## Work order
From the entries below, reproduce exactly the line containing "mem_enum => /setIdP[].", the line containing "rewrite all_count =>", and every line in between, with nothing added.

───── Data to process ─────

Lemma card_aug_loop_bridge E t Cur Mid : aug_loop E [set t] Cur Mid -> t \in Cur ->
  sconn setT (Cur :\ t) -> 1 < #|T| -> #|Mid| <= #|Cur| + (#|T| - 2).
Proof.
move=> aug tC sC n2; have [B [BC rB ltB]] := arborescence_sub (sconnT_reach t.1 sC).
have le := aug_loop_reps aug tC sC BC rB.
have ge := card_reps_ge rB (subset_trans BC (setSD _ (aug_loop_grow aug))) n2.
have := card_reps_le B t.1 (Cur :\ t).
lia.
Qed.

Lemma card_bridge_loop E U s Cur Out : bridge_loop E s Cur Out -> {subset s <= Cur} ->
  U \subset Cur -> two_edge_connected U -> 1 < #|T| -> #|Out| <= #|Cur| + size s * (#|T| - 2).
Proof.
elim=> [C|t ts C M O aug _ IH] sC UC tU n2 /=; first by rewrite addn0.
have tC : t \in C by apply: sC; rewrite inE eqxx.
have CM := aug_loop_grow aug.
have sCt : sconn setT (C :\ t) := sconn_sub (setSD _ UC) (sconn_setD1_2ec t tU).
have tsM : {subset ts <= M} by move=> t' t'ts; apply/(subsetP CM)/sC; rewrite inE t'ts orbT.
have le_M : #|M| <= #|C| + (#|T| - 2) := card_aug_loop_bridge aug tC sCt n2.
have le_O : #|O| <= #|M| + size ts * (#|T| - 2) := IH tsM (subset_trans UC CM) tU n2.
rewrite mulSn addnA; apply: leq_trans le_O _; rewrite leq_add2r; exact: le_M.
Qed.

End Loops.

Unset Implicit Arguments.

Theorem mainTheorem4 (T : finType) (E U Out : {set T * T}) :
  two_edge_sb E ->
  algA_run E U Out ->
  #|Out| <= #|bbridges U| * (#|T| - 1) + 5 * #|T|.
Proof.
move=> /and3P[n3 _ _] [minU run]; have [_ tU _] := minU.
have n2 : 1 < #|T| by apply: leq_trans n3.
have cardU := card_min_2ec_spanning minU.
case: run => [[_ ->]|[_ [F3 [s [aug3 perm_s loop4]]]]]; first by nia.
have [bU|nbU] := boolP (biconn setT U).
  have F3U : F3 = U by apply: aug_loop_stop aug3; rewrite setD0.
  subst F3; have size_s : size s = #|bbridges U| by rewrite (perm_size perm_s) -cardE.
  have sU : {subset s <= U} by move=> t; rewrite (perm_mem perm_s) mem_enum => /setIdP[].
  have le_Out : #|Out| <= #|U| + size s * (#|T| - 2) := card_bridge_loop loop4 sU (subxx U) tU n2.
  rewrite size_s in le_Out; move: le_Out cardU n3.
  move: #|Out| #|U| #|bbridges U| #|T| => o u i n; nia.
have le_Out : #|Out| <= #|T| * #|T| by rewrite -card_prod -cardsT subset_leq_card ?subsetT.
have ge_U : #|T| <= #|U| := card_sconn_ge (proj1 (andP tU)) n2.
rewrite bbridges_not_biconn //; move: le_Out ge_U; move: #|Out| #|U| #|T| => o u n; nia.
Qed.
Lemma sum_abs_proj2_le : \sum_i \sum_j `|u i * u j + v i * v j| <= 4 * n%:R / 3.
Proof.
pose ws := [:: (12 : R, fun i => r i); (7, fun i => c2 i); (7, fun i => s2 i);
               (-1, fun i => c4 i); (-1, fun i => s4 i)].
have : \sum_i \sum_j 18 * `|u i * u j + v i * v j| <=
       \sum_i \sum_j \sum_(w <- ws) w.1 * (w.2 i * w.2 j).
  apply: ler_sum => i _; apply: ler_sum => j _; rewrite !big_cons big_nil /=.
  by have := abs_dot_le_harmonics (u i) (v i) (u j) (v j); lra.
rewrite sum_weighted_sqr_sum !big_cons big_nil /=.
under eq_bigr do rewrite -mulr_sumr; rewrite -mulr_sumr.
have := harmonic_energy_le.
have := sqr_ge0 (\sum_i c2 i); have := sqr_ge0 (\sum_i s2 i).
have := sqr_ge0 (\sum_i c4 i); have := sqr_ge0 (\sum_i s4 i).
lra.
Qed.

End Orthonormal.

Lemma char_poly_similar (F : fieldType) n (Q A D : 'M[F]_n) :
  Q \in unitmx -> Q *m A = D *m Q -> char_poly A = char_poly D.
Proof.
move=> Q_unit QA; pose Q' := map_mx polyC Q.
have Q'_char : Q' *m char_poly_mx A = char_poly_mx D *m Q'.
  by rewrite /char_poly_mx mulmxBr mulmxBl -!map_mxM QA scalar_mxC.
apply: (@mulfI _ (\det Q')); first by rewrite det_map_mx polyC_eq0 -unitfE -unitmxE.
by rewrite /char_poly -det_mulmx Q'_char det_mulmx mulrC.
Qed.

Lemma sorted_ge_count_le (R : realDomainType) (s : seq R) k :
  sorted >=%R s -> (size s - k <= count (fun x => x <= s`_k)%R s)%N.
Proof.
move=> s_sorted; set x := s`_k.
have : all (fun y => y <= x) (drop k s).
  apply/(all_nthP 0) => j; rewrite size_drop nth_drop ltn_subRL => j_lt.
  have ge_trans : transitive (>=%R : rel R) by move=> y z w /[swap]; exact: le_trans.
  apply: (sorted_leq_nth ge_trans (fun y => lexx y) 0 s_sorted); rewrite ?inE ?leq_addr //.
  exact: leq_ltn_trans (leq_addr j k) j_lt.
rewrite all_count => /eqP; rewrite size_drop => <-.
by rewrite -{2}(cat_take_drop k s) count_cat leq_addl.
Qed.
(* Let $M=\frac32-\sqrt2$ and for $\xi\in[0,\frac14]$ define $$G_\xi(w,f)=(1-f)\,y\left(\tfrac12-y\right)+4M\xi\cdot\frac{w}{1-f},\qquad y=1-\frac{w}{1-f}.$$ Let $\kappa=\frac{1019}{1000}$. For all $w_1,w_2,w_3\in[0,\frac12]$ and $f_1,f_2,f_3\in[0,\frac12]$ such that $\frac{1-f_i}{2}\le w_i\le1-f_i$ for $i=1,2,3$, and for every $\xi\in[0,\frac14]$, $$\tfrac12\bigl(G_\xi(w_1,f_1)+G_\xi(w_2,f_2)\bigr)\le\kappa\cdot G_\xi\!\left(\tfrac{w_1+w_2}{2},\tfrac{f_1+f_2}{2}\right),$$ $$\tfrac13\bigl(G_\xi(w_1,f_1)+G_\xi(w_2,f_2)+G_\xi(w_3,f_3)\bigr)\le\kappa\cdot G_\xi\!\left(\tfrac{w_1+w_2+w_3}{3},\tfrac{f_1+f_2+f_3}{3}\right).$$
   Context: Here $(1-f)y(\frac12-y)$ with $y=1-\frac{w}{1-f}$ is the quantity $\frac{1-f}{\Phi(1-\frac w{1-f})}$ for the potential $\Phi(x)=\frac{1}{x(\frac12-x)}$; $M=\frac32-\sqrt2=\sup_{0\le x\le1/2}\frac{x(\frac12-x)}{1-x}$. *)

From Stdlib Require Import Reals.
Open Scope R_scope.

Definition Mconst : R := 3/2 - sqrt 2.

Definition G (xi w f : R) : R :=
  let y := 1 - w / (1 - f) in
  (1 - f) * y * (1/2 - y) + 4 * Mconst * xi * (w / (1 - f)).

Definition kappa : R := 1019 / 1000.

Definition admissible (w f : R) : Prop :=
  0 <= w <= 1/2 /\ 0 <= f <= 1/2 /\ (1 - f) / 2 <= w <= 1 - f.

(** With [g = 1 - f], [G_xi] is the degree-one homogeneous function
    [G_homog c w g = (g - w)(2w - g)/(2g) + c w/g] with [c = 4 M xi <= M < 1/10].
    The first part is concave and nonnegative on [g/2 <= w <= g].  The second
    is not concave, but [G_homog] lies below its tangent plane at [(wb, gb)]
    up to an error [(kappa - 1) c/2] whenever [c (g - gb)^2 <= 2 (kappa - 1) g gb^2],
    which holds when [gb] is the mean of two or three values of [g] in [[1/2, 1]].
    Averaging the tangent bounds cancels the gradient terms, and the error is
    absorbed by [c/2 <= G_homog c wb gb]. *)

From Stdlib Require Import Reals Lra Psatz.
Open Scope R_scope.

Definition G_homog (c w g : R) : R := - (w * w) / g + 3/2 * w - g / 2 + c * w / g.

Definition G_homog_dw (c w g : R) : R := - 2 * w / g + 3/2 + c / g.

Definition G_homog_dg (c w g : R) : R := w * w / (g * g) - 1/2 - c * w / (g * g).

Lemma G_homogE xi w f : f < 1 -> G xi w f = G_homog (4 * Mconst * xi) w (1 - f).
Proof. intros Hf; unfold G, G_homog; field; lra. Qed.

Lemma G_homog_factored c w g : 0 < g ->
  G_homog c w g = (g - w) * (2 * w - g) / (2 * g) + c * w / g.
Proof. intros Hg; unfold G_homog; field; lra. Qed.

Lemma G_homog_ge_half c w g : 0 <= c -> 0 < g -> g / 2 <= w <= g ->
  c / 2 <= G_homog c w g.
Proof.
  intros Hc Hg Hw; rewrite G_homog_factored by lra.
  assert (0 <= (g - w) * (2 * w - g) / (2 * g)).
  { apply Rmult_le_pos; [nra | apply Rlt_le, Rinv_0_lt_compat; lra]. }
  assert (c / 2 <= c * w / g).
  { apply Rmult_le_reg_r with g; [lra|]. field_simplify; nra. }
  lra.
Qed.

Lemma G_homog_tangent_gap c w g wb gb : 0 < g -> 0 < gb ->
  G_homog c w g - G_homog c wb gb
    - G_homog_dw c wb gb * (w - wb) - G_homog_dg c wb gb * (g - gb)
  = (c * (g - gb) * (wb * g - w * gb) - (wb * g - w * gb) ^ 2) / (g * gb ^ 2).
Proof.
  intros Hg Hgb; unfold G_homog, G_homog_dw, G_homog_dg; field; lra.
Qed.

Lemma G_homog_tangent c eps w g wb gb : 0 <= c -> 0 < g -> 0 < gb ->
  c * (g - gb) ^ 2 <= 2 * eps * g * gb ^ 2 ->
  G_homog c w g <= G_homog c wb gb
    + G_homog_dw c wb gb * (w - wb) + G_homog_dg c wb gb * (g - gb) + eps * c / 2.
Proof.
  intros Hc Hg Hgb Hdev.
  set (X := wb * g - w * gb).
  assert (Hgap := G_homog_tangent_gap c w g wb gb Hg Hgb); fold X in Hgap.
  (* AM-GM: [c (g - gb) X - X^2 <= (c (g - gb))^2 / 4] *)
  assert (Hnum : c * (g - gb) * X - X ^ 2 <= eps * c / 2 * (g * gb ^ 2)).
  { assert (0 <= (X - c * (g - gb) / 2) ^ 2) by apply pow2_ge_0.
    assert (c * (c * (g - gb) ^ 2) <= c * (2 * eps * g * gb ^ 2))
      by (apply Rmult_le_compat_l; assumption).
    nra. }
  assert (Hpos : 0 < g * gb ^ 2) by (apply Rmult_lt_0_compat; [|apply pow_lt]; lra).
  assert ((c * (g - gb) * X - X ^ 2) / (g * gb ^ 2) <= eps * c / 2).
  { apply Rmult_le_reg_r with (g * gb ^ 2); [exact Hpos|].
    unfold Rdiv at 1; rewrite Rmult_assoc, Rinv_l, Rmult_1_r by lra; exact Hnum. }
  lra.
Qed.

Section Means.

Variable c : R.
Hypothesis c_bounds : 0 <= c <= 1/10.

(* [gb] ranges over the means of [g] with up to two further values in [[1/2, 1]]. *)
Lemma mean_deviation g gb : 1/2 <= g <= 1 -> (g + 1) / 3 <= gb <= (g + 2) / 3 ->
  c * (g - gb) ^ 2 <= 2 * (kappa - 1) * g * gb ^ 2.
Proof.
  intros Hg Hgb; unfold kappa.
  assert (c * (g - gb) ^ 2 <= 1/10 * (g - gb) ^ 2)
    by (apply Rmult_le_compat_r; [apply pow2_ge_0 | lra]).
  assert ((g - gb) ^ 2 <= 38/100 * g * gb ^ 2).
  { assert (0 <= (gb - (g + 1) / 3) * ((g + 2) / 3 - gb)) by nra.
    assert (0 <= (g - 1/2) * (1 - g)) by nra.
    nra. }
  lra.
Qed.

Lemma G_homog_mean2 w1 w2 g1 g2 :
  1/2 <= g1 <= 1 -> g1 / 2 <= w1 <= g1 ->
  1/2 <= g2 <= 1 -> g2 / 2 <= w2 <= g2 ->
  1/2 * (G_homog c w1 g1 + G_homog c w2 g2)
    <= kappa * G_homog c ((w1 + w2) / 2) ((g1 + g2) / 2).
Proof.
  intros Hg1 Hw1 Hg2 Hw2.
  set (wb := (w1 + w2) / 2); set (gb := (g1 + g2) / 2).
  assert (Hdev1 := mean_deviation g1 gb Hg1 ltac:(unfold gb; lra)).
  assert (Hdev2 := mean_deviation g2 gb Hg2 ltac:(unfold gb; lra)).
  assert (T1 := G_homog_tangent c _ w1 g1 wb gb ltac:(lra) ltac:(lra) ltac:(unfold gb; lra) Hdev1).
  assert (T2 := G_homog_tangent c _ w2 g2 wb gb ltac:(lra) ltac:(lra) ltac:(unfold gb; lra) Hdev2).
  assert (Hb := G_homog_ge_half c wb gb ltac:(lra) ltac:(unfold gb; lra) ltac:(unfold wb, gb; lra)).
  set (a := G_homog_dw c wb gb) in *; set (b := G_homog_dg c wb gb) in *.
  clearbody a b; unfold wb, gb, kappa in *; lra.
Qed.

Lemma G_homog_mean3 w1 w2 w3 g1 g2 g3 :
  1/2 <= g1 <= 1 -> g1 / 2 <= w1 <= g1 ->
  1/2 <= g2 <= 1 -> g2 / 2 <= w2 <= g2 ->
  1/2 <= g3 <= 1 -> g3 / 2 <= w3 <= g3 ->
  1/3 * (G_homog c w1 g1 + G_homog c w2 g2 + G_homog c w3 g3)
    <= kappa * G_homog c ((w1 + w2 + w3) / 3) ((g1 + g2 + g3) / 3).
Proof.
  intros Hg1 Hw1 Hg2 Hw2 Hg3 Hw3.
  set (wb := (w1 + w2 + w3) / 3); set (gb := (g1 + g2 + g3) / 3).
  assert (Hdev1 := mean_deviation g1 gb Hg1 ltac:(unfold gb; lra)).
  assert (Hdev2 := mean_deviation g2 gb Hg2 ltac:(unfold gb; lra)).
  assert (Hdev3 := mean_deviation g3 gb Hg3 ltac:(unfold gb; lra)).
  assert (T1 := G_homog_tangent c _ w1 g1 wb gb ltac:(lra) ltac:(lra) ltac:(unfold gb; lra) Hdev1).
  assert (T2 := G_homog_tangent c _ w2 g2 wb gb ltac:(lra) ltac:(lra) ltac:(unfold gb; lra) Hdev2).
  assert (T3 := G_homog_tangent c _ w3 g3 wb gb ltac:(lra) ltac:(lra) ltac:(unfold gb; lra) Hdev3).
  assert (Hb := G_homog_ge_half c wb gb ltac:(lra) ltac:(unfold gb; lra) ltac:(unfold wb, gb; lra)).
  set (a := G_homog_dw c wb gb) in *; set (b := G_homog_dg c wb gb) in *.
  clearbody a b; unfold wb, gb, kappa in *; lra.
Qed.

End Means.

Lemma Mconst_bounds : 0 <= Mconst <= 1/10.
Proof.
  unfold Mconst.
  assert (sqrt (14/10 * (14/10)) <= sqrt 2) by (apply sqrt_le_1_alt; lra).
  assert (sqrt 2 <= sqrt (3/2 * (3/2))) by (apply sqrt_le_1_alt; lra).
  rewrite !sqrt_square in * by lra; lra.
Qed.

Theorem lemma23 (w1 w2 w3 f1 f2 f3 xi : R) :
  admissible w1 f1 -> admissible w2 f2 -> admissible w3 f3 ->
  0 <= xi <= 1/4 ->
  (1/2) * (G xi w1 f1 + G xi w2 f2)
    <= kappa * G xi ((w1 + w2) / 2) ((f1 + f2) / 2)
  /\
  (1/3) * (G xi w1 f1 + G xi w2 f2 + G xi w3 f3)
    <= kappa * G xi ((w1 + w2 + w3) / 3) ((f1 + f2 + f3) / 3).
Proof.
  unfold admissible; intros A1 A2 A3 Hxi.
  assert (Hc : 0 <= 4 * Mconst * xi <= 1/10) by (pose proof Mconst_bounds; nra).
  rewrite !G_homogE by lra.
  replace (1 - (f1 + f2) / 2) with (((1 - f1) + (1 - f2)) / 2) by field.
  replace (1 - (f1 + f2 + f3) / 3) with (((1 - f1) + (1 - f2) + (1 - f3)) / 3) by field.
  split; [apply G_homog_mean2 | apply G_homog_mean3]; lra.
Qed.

─────

## Expected answer
  have sU : {subset s <= U} by move=> t; rewrite (perm_mem perm_s) mem_enum => /setIdP[].
  have le_Out : #|Out| <= #|U| + size s * (#|T| - 2) := card_bridge_loop loop4 sU (subxx U) tU n2.
  rewrite size_s in le_Out; move: le_Out cardU n3.
  move: #|Out| #|U| #|bbridges U| #|T| => o u i n; nia.
have le_Out : #|Out| <= #|T| * #|T| by rewrite -card_prod -cardsT subset_leq_card ?subsetT.
have ge_U : #|T| <= #|U| := card_sconn_ge (proj1 (andP tU)) n2.
rewrite bbridges_not_biconn //; move: le_Out ge_U; move: #|Out| #|U| #|T| => o u n; nia.
Qed.
Lemma sum_abs_proj2_le : \sum_i \sum_j `|u i * u j + v i * v j| <= 4 * n%:R / 3.
Proof.
pose ws := [:: (12 : R, fun i => r i); (7, fun i => c2 i); (7, fun i => s2 i);
               (-1, fun i => c4 i); (-1, fun i => s4 i)].
have : \sum_i \sum_j 18 * `|u i * u j + v i * v j| <=
       \sum_i \sum_j \sum_(w <- ws) w.1 * (w.2 i * w.2 j).
  apply: ler_sum => i _; apply: ler_sum => j _; rewrite !big_cons big_nil /=.
  by have := abs_dot_le_harmonics (u i) (v i) (u j) (v j); lra.
rewrite sum_weighted_sqr_sum !big_cons big_nil /=.
under eq_bigr do rewrite -mulr_sumr; rewrite -mulr_sumr.
have := harmonic_energy_le.
have := sqr_ge0 (\sum_i c2 i); have := sqr_ge0 (\sum_i s2 i).
have := sqr_ge0 (\sum_i c4 i); have := sqr_ge0 (\sum_i s4 i).
lra.
Qed.

End Orthonormal.

Lemma char_poly_similar (F : fieldType) n (Q A D : 'M[F]_n) :
  Q \in unitmx -> Q *m A = D *m Q -> char_poly A = char_poly D.
Proof.
move=> Q_unit QA; pose Q' := map_mx polyC Q.
have Q'_char : Q' *m char_poly_mx A = char_poly_mx D *m Q'.
  by rewrite /char_poly_mx mulmxBr mulmxBl -!map_mxM QA scalar_mxC.
apply: (@mulfI _ (\det Q')); first by rewrite det_map_mx polyC_eq0 -unitfE -unitmxE.
by rewrite /char_poly -det_mulmx Q'_char det_mulmx mulrC.
Qed.

Lemma sorted_ge_count_le (R : realDomainType) (s : seq R) k :
  sorted >=%R s -> (size s - k <= count (fun x => x <= s`_k)%R s)%N.
Proof.
move=> s_sorted; set x := s`_k.
have : all (fun y => y <= x) (drop k s).
  apply/(all_nthP 0) => j; rewrite size_drop nth_drop ltn_subRL => j_lt.
  have ge_trans : transitive (>=%R : rel R) by move=> y z w /[swap]; exact: le_trans.
  apply: (sorted_leq_nth ge_trans (fun y => lexx y) 0 s_sorted); rewrite ?inE ?leq_addr //.
  exact: leq_ltn_trans (leq_addr j k) j_lt.
rewrite all_count => /eqP; rewrite size_drop => <-.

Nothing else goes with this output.